» Entries provided:
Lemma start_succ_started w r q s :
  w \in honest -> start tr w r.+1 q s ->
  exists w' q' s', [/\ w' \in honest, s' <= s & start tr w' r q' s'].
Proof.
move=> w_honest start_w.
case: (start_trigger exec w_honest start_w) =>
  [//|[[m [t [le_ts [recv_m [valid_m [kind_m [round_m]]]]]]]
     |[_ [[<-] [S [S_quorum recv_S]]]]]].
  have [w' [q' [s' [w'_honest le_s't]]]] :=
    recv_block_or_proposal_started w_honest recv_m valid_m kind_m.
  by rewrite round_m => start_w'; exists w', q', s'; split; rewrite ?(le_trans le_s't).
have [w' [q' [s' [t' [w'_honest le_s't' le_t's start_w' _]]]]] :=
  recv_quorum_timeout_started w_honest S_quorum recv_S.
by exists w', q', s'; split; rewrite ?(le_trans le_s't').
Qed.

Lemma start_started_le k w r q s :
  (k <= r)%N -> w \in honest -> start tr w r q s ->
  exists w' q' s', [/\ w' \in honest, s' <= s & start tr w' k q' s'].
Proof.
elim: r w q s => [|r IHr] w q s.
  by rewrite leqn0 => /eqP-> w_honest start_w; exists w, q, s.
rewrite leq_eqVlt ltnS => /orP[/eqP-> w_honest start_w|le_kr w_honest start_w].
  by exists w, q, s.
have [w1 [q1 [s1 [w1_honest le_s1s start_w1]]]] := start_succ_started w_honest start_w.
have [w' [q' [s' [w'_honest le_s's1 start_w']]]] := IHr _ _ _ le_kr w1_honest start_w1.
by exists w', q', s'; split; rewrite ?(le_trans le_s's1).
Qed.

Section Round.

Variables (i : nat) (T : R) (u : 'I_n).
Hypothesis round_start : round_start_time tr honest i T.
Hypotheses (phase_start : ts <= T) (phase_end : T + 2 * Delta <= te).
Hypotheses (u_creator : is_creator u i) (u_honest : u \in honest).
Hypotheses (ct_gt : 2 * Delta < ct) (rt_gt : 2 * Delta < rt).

» Exercise: From the first line to the last, return the data above exactly.

» Expected answer:
Lemma start_succ_started w r q s :
  w \in honest -> start tr w r.+1 q s ->
  exists w' q' s', [/\ w' \in honest, s' <= s & start tr w' r q' s'].
Proof.
move=> w_honest start_w.
case: (start_trigger exec w_honest start_w) =>
  [//|[[m [t [le_ts [recv_m [valid_m [kind_m [round_m]]]]]]]
     |[_ [[<-] [S [S_quorum recv_S]]]]]].
  have [w' [q' [s' [w'_honest le_s't]]]] :=
    recv_block_or_proposal_started w_honest recv_m valid_m kind_m.
  by rewrite round_m => start_w'; exists w', q', s'; split; rewrite ?(le_trans le_s't).
have [w' [q' [s' [t' [w'_honest le_s't' le_t's start_w' _]]]]] :=
  recv_quorum_timeout_started w_honest S_quorum recv_S.
by exists w', q', s'; split; rewrite ?(le_trans le_s't').
Qed.

Lemma start_started_le k w r q s :
  (k <= r)%N -> w \in honest -> start tr w r q s ->
  exists w' q' s', [/\ w' \in honest, s' <= s & start tr w' k q' s'].
Proof.
elim: r w q s => [|r IHr] w q s.
  by rewrite leqn0 => /eqP-> w_honest start_w; exists w, q, s.
rewrite leq_eqVlt ltnS => /orP[/eqP-> w_honest start_w|le_kr w_honest start_w].
  by exists w, q, s.
have [w1 [q1 [s1 [w1_honest le_s1s start_w1]]]] := start_succ_started w_honest start_w.
have [w' [q' [s' [w'_honest le_s's1 start_w']]]] := IHr _ _ _ le_kr w1_honest start_w1.
by exists w', q', s'; split; rewrite ?(le_trans le_s's1).
Qed.

Section Round.

Variables (i : nat) (T : R) (u : 'I_n).
Hypothesis round_start : round_start_time tr honest i T.
Hypotheses (phase_start : ts <= T) (phase_end : T + 2 * Delta <= te).
Hypotheses (u_creator : is_creator u i) (u_honest : u \in honest).
Hypotheses (ct_gt : 2 * Delta < ct) (rt_gt : 2 * Delta < rt).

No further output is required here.